No, you don’t need to reimport. Just click to edit the lesson and find the Re-split with AI button in the sidebar. This option is only available on the web right now but once split the lesson will appear with the updated splits on all platforms.
I guess this is also only working for Japanese at present? This could be a very useful feature for both traditional and simplified Chinese also.
Edited to add: Wait, do you mean splitting the words up correctly or is this referring to splitting sentences or chapters in a long book? I meant pairing characters up to make words; many times the characters are paired together oddly in Chinese. If there’s a way to use “AI” to improve the character groupings, that would be very welcome.
in chinese is not available, isn´t it?
I also noticed (at least form the web) that whisper transcribed imports from youtube now have the lines as full sentences rather than having them split. This is much better than before. Thanks.

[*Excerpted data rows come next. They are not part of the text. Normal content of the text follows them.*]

(* Suppose there exist $R>r>0$ such that $g(x)\le\min\{Rx+g(x^* )-Rx^*,\ rx+g(x^* )-rx^*\}$ for all $x\in[0,1]$. Then for every $c\ge1/(R-r)$, $$\lambda g(x^* )-\sup_{\mathbf x\in[0,1]^c}\mathcal R(\mathbf x)\ \ge\ \lambda\min\{1,r/2\}\,x^*\sqrt{(R-r)/c}.$$
   Context: Setting. Fix $c\in\mathbb N$ (number of identical units of a single reusable resource), an arrival rate $\lambda>0$ and a mean usage duration $d>0$, with $x^*:=c/(\lambda d)\in(0,1)$. Let $g:[0,1]\to\mathbb R$ be concave, non-decreasing, with $g(0)=0$ (the reward function). A stock-dependent policy is a vector $\mathbf x=(x_1,\dots,x_c)\in[0,1]^c$, where $x_j$ is the admission probability used when exactly $j$ units are available (the admission probability is $0$ when no unit is available). Its steady-state distribution is the unique probability vector $\pi=(\pi_0,\dots,\pi_c)$ satisfying $\pi_j\lambda x_j=\pi_{j-1}(c-j+1)/d$ for all $j\in\{1,\dots,c\}$, and its long-run average reward is $\mathcal R(\mathbf x)=\sum_{j=1}^c\pi_j\lambda g(x_j)$. *)

From HB Require Import structures.
From mathcomp Require Import all_boot all_order all_algebra.
From mathcomp Require Import reals.
Set Implicit Arguments. Unset Strict Implicit. Unset Printing Implicit Defensive.
Import Order.TTheory GRing.Theory Num.Theory.
Local Open Scope ring_scope.

Section Defs.
Variable R : realType.

Definition concave01 (g : R -> R) : Prop :=
  forall x y t : R, 0 <= x <= 1 -> 0 <= y <= 1 -> 0 <= t <= 1 ->
    t * g x + (1 - t) * g y <= g (t * x + (1 - t) * y).

Definition nondecr01 (g : R -> R) : Prop :=
  forall x y : R, 0 <= x -> x <= y -> y <= 1 -> g x <= g y.

Definition xstar (c : nat) (lam d : R) : R := c%:R / (lam * d).

(* a stock-dependent policy (x_1, ..., x_c) in [0,1]^c, stored as x : nat -> R
   (only indices 1..c are relevant) *)
Definition policy (c : nat) (x : nat -> R) : Prop :=
  forall j : nat, (1 <= j <= c)%N -> 0 <= x j <= 1.

Definition steady_state (c : nat) (lam d : R) (x : nat -> R) (pi : nat -> R) : Prop :=
  [/\ forall j : nat, (j <= c)%N -> 0 <= pi j,
      \sum_(0 <= j < c.+1) pi j = 1 &
      forall j : nat, (1 <= j <= c)%N ->
        pi j * lam * x j = pi j.-1 * (c.+1 - j)%:R / d].

Definition reward (c : nat) (lam : R) (g : R -> R) (x pi : nat -> R) : R :=
  \sum_(1 <= j < c.+1) pi j * lam * g (x j).

End Defs.

(** Write [s] for [x*] and [b] for [g s].  The reward gap [b - reward/lam] is split state
    by state: at state [j >= 1] the two supporting lines of [g] at [s] give a gap of at
    least [r (s - x_j) + (R - r) (s - x_j)^+], and [b >= R s] bounds the gap at state [0].
    The balance equations telescope [sum_j pi_j (s - x_j)] into [s (E/c - pi_0)], where
    [E] is the mean stock level, and also show that no [pi_n] exceeds
    [B := pi_0 + (sum_j pi_j (s - x_j)^+) / s].  Hence the gap is at least
    [s (r E / c + (R - r) B)].  A distribution whose masses are all at most [B] has mean
    [E >= N (1 - N B)] for every integer [N]; taking [N] the integer part of
    [c sqrt((R - r)/c)] trades the two terms off against each other. *)
From HB Require Import structures.
From mathcomp Require Import all_boot all_order all_algebra.
From mathcomp Require Import reals.
From mathcomp Require Import ring lra zify.
Set Implicit Arguments. Unset Strict Implicit. Unset Printing Implicit Defensive.
Import Order.TTheory GRing.Theory Num.Theory.
Local Open Scope ring_scope.

Lemma sum_nat_lt_indicator (R : pzSemiRingType) (m N : nat) :
  \sum_(0 <= j < m) ((j < N)%N%:R : R) = (minn m N)%:R.
Proof.
elim: m => [|m IH]; first by rewrite big_geq // min0n.
rewrite big_nat_recr //= IH -natrD; congr (_%:R).
by case: (ltnP m N) => m_N /=; lia.
Qed.

Lemma mean_ge_of_bounded_probs (R : realFieldType) (n N : nat) (p : nat -> R) (B : R) :
  (forall j, (j <= n)%N -> 0 <= p j) ->
  \sum_(0 <= j < n.+1) p j = 1 ->
  (forall j, (j <= n)%N -> p j <= B) ->
  N%:R * (1 - N%:R * B) <= \sum_(0 <= j < n.+1) j%:R * p j.
Proof.
move=> p_ge0 p_sum1 p_leB.
have B_ge0 : 0 <= B by apply: le_trans (p_leB 0%N _) => //; apply: p_ge0.
apply: (@le_trans _ _ (\sum_(0 <= j < n.+1) (N%:R * p j - N%:R * B * (j < N)%N%:R))).
  rewrite sumrB -!mulr_sumr p_sum1 sum_nat_lt_indicator mulrBr mulr1 lerB //.
  by rewrite -mulrA ler_wpM2l // mulrC ler_wpM2r // ler_nat geq_minr.
apply: ler_sum_nat => j /andP [_ /= j_le_n].
have pj_ge0 := p_ge0 j j_le_n.
case: (ltnP j N) => [_ | N_le_j]; last by rewrite mulr0 subr0 ler_wpM2r // ler_nat.
have : N%:R * (p j - B) <= 0 by rewrite mulr_ge0_le0 // subr_le0 p_leB.
rewrite mulr1 -mulrBr => /le_trans; apply; exact: mulr_ge0.
Qed.

Lemma kinked_gap_ge (R : realFieldType) (Rb rb b xs y gy : R) :
  rb <= Rb -> gy <= Num.min (Rb * y + b - Rb * xs) (rb * y + b - rb * xs) ->
  rb * (xs - y) + (Rb - rb) * Num.max (xs - y) 0 <= b - gy.
Proof.
move=> rb_le_Rb; rewrite le_min => /andP [gyR gyr]; case: (lerP 0 (xs - y)) => _.
- have -> : rb * (xs - y) + (Rb - rb) * (xs - y) = Rb * xs - Rb * y by ring.
  lra.
- have -> : rb * (xs - y) + (Rb - rb) * 0 = rb * xs - rb * y by ring.
  lra.
Qed.

Lemma steady_state_balance (R : realType) (c : nat) (lam d : R) (x pi : nat -> R) :
  0 < lam -> 0 < d -> c%:R != 0 :> R -> steady_state c lam d x pi ->
  forall j, (1 <= j <= c)%N ->
    pi j * x j = xstar c lam d * pi j.-1 * (c.+1 - j)%:R / c%:R.
Proof.
move=> lam_gt0 d_gt0 c_neq0 [_ _ balance] j j_range.
have -> : pi j * x j = pi j * lam * x j / lam by field; rewrite gt_eqF.
by rewrite balance // /xstar; field; rewrite c_neq0 !gt_eqF.
Qed.

Section BalanceEquations.
Variables (R : realFieldType) (c : nat) (xs : R) (x pi : nat -> R).
Hypothesis c_neq0 : c%:R != 0 :> R.
Hypothesis balance : forall j, (1 <= j <= c)%N ->
  pi j * x j = xs * pi j.-1 * (c.+1 - j)%:R / c%:R.

Definition mean_stock : R := \sum_(0 <= j < c.+1) j%:R * pi j.
Definition shortfall : R := \sum_(1 <= j < c.+1) pi j * Num.max (xs - x j) 0.

Lemma sum_gap_telescope n : (n <= c)%N ->
  \sum_(1 <= j < n.+1) pi j * (xs - x j) =
  xs * (pi n - pi 0%N + \sum_(0 <= i < n) pi i * i%:R / c%:R).
Proof.
elim: n => [|n IH] n_lt_c; first by rewrite !big_geq // subrr addr0 mulr0.
rewrite big_nat_recr //= IH ?(ltnW n_lt_c) // big_nat_recr //= mulrBr balance //=.
by rewrite subSS natrB ?(ltnW n_lt_c) //; field.
Qed.

Lemma sum_gap_mean_stock :
  \sum_(1 <= j < c.+1) pi j * (xs - x j) = xs * (mean_stock / c%:R - pi 0%N).
Proof.
rewrite sum_gap_telescope // /mean_stock big_nat_recr //=.
have -> : \sum_(0 <= i < c) pi i * i%:R / c%:R = (\sum_(0 <= i < c) i%:R * pi i) / c%:R.
  by rewrite mulr_suml; apply: eq_bigr => i _; rewrite [pi i * _]mulrC.
by field.
Qed.

Hypotheses (pi_ge0 : forall j, (j <= c)%N -> 0 <= pi j) (xs_gt0 : 0 < xs).

Lemma shortfall_term_ge0 j : (j <= c)%N -> 0 <= pi j * Num.max (xs - x j) 0.
Proof. by move=> j_le_c; rewrite mulr_ge0 ?pi_ge0 // le_max lexx orbT. Qed.

Lemma shortfall_ge0 : 0 <= shortfall.
Proof.
rewrite /shortfall big_nat_cond; apply: sumr_ge0 => j /andP [/andP [_ j_le_c] _].
exact: shortfall_term_ge0.
Qed.

Lemma pi_le_shortfall n : (n <= c)%N -> pi n <= pi 0%N + shortfall / xs.
Proof.
move=> n_le_c.
have partial_le : \sum_(1 <= j < n.+1) pi j * (xs - x j) <= shortfall.
  rewrite /shortfall [X in _ <= X](big_cat_nat _ (n := n.+1)) //=.
  rewrite -[X in X <= _]addr0; apply: lerD.
    apply: ler_sum_nat => j /andP [_ j_le_n].
    rewrite ler_wpM2l ?le_max ?lexx // pi_ge0 //.
    exact: leq_trans n_le_c.
  rewrite big_nat_cond; apply: sumr_ge0 => j /andP [/andP [_ j_le_c] _].
  exact: shortfall_term_ge0.
have tail_ge0 : 0 <= \sum_(0 <= i < n) pi i * i%:R / c%:R.
  rewrite big_nat_cond; apply: sumr_ge0 => i /andP [/andP [_ i_lt_n] _].
  by rewrite divr_ge0 // mulr_ge0 // pi_ge0 // ltnW // (leq_trans i_lt_n).
rewrite sum_gap_telescope // in partial_le.
have : pi n - pi 0%N <= shortfall / xs.
  rewrite ler_pdivlMr // mulrC; apply: le_trans partial_le.
  by rewrite ler_wpM2l ?lerDl // ltW.
lra.
Qed.

Variables (g : R -> R) (b rb Rb : R).
Hypotheses (pi_sum1 : \sum_(0 <= j < c.+1) pi j = 1) (rb_le_Rb : rb <= Rb).
Hypothesis Rbxs_le_b : Rb * xs <= b.
Hypothesis g_below : forall j, (1 <= j <= c)%N ->
  g (x j) <= Num.min (Rb * x j + b - Rb * xs) (rb * x j + b - rb * xs).

Lemma gap_ge_mean_shortfall :
  xs * (rb * mean_stock / c%:R + (Rb - rb) * (pi 0%N + shortfall / xs))
    <= b - \sum_(1 <= j < c.+1) pi j * g (x j).
Proof.
have gap_split : b - \sum_(1 <= j < c.+1) pi j * g (x j)
    = b * pi 0%N + \sum_(1 <= j < c.+1) pi j * (b - g (x j)).
  rewrite -{1}[b]mulr1 -pi_sum1 big_ltn // mulrDr -addrA; congr (_ + _).
  by rewrite mulr_sumr -sumrB; apply: eq_bigr => j _; rewrite mulrBr mulrC.
have terms_ge : rb * \sum_(1 <= j < c.+1) pi j * (xs - x j) + (Rb - rb) * shortfall
    <= \sum_(1 <= j < c.+1) pi j * (b - g (x j)).
  rewrite /shortfall !mulr_sumr -big_split /=; apply: ler_sum_nat => j /andP [j_ge1 j_le_c].
  rewrite mulrCA [(Rb - rb) * _]mulrCA -mulrDr ler_wpM2l ?pi_ge0 //.
  by apply: kinked_gap_ge rb_le_Rb _; apply: g_below; rewrite j_ge1.
have state0_ge : Rb * xs * pi 0%N <= b * pi 0%N by rewrite ler_wpM2r ?pi_ge0.
have -> : xs * (rb * mean_stock / c%:R + (Rb - rb) * (pi 0%N + shortfall / xs))
    = rb * (xs * (mean_stock / c%:R - pi 0%N)) + (Rb - rb) * shortfall + Rb * xs * pi 0%N.
  by field; rewrite c_neq0 gt_eqF.
rewrite gap_split -sum_gap_mean_stock; lra.
Qed.

End BalanceEquations.

Lemma tradeoff_bound (R : realFieldType) (m r k N B E : R) :
  0 <= m -> m <= 1 -> m <= r / 2 -> 0 <= r -> 0 < k -> 0 <= B ->
  k / 2 <= N -> N <= k -> N * (1 - N * B) <= E -> 0 <= E ->
  m * k <= r * E + k ^+ 2 * B.
Proof.
move=> m_ge0 m_le1 m_le_r2 r_ge0 k_gt0 B_ge0 N_ge N_le E_ge E_ge0.
have k_ge0 := ltW k_gt0.
have k2B_ge0 : 0 <= k ^+ 2 * B by rewrite mulr_ge0 ?sqr_ge0.
have k2B_eq : k ^+ 2 * B = k * (k * B) by rewrite expr2 mulrA.
case: (lerP 1 (k * B)) => [kB_ge1 | kB_lt1].
  have rE_ge0 : 0 <= r * E by rewrite mulr_ge0.
  have : m * k <= 1 * (k * (k * B)).
    by apply: ler_pM => //; rewrite ler_pMr.
  lra.
have NB_le_kB : N * B <= k * B by rewrite ler_wpM2r.
have mk_le_rN : m * k <= r * N.
  apply: (@le_trans _ _ (r / 2 * k)); first by rewrite ler_wpM2r.
  have -> : r / 2 * k = r * (k / 2) by ring.
  by rewrite ler_wpM2l.
have head : m * k * (1 - k * B) <= r * E.
  apply: (@le_trans _ _ (r * N * (1 - N * B))); last first.
    by rewrite -mulrA ler_wpM2l.
  apply: ler_pM => //; first exact: mulr_ge0.
    by rewrite subr_ge0 ltW.
  by rewrite lerD2l lerN2.
have tail : m * (k ^+ 2 * B) <= k ^+ 2 * B by rewrite ler_piMl.
have -> : m * k = m * k * (1 - k * B) + m * (k ^+ 2 * B) by rewrite k2B_eq; ring.
lra.
Qed.

Lemma min_sqrt_le_of_markov (R : realType) (c : nat) (r Rb E B : R) :
  0 < r -> r < Rb -> 1 / (Rb - r) <= c%:R -> 0 <= B ->
  (forall N : nat, N%:R * (1 - N%:R * B) <= E) ->
  Num.min 1 (r / 2) * Num.sqrt ((Rb - r) / c%:R) <= r * E / c%:R + (Rb - r) * B.
Proof.
move=> r_gt0 r_lt_Rb c_large B_ge0 markov.
have E_ge0 : 0 <= E by have := markov 0%N; rewrite mul0r.
have Rr_gt0 : 0 < Rb - r by rewrite subr_gt0.
have c_gt0 : 0 < c%:R :> R by apply: lt_le_trans c_large; rewrite divr_gt0.
set eps := Num.sqrt _.
have eps_gt0 : 0 < eps by rewrite sqrtr_gt0 divr_gt0.
have eps2 : eps ^+ 2 * c%:R = Rb - r.
  by rewrite sqr_sqrtr ?divfK ?gt_eqF // divr_ge0 // ltW.
set k := eps * c%:R.
have k_ge1 : 1 <= k.
  have k2 : k ^+ 2 = (Rb - r) * c%:R by rewrite -eps2 /k; ring.
  have : 1 <= k ^+ 2 by rewrite k2 mulrC -ler_pdivrMr.
  have : 0 <= k by rewrite mulr_ge0 // ltW.
  nra.
set N := Num.truncn k.
have N_le_k : N%:R <= k by rewrite truncn_le (le_trans ler01).
have k_lt_N1 : k < N%:R + 1 by rewrite natr1; exact: truncnS_gt.
have N_ge1 : 1 <= N%:R :> R by rewrite ler1n truncn_gt0.
have N_ge : k / 2 <= N%:R by lra.
have m_ge0 : 0 <= Num.min 1 (r / 2) by rewrite le_min ler01 divr_ge0 // ltW.
have m_le1 : Num.min 1 (r / 2) <= 1 by rewrite ge_min lexx.
have m_le_r2 : Num.min 1 (r / 2) <= r / 2 by rewrite ge_min lexx orbT.
have trade := tradeoff_bound m_ge0 m_le1 m_le_r2 (ltW r_gt0)
  (lt_le_trans ltr01 k_ge1) B_ge0 N_ge N_le_k (markov N) E_ge0.
rewrite -(ler_pM2r c_gt0) mulrDl divfK ?gt_eqF // -mulrA.
have -> : (Rb - r) * B * c%:R = k ^+ 2 * B by rewrite -eps2 /k; ring.
exact: trade.
Qed.

Theorem lemma5 (R : realType) (c : nat) (lam d : R) (g : R -> R) (Rb rb : R) :
  0 < lam -> 0 < d ->
  0 < xstar c lam d < 1 ->
  concave01 g -> nondecr01 g -> g 0 = 0 ->
  0 < rb -> rb < Rb ->
  (forall x : R, 0 <= x <= 1 ->
     g x <= Num.min (Rb * x + g (xstar c lam d) - Rb * xstar c lam d)
                    (rb * x + g (xstar c lam d) - rb * xstar c lam d)) ->
  1 / (Rb - rb) <= c%:R ->
  forall (x pi : nat -> R), policy c x -> steady_state c lam d x pi ->
    lam * Num.min 1 (rb / 2) * xstar c lam d * Num.sqrt ((Rb - rb) / c%:R)
      <= lam * g (xstar c lam d) - reward c lam g x pi.
Proof.
move=> lam_gt0 d_gt0 /andP [xs_gt0 _] _ _ g0 rb_gt0 rb_lt_Rb g_below c_large x pi
  x_policy pi_steady.
have [pi_ge0 pi_sum1 _] := pi_steady.
set xs := xstar c lam d in xs_gt0 g_below pi_steady *.
have c_neq0 : c%:R != 0 :> R.
  by rewrite gt_eqF // (lt_le_trans _ c_large) // divr_gt0 // subr_gt0.
have balance := steady_state_balance lam_gt0 d_gt0 c_neq0 pi_steady.
have Rbxs_le_b : Rb * xs <= g xs.
  by have := g_below 0; rewrite g0 lexx ler01 le_min => /(_ isT) /andP [? _]; lra.
have gap := gap_ge_mean_shortfall c_neq0 balance pi_ge0 xs_gt0 pi_sum1 (ltW rb_lt_Rb)
  Rbxs_le_b (fun j j_range => g_below _ (x_policy j j_range)).
have B_ge0 : 0 <= pi 0%N + shortfall c xs x pi / xs.
  by rewrite addr_ge0 ?pi_ge0 // divr_ge0 ?shortfall_ge0 // ltW.
have trade := min_sqrt_le_of_markov rb_gt0 rb_lt_Rb c_large B_ge0
  (fun N => mean_ge_of_bounded_probs N pi_ge0 pi_sum1 (pi_le_shortfall c_neq0 balance pi_ge0 xs_gt0)).
have -> : reward c lam g x pi = lam * \sum_(1 <= j < c.+1) pi j * g (x j).
  by rewrite /reward mulr_sumr; apply: eq_bigr => j _; rewrite mulrAC mulrC.
rewrite -mulrBr -2!mulrA; apply: ler_wpM2l; first exact: ltW.
rewrite mulrCA; apply: le_trans gap; apply: ler_wpM2l; first exact: ltW.
exact: trade.
Qed.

Whisper transcription should have always resulted in full sentences being generated. it’s the import of automatic captions from YouTube that resulted in split chunks of text. These captions now get ignored and Whisper used instead.
Ok, we’ll see if we can enable the different readings to show in Chinese too so they can be selected in different contexts @WillowMeDown .
Also, the splitting does refer to the way words are split. Our AI splitter does help to improve the accuracy in Japanese. Could you find a sample text and send us a link to the original lesson along with how you would prefer to see it split? We can look into what we can do with it once we have that. You can just post it here.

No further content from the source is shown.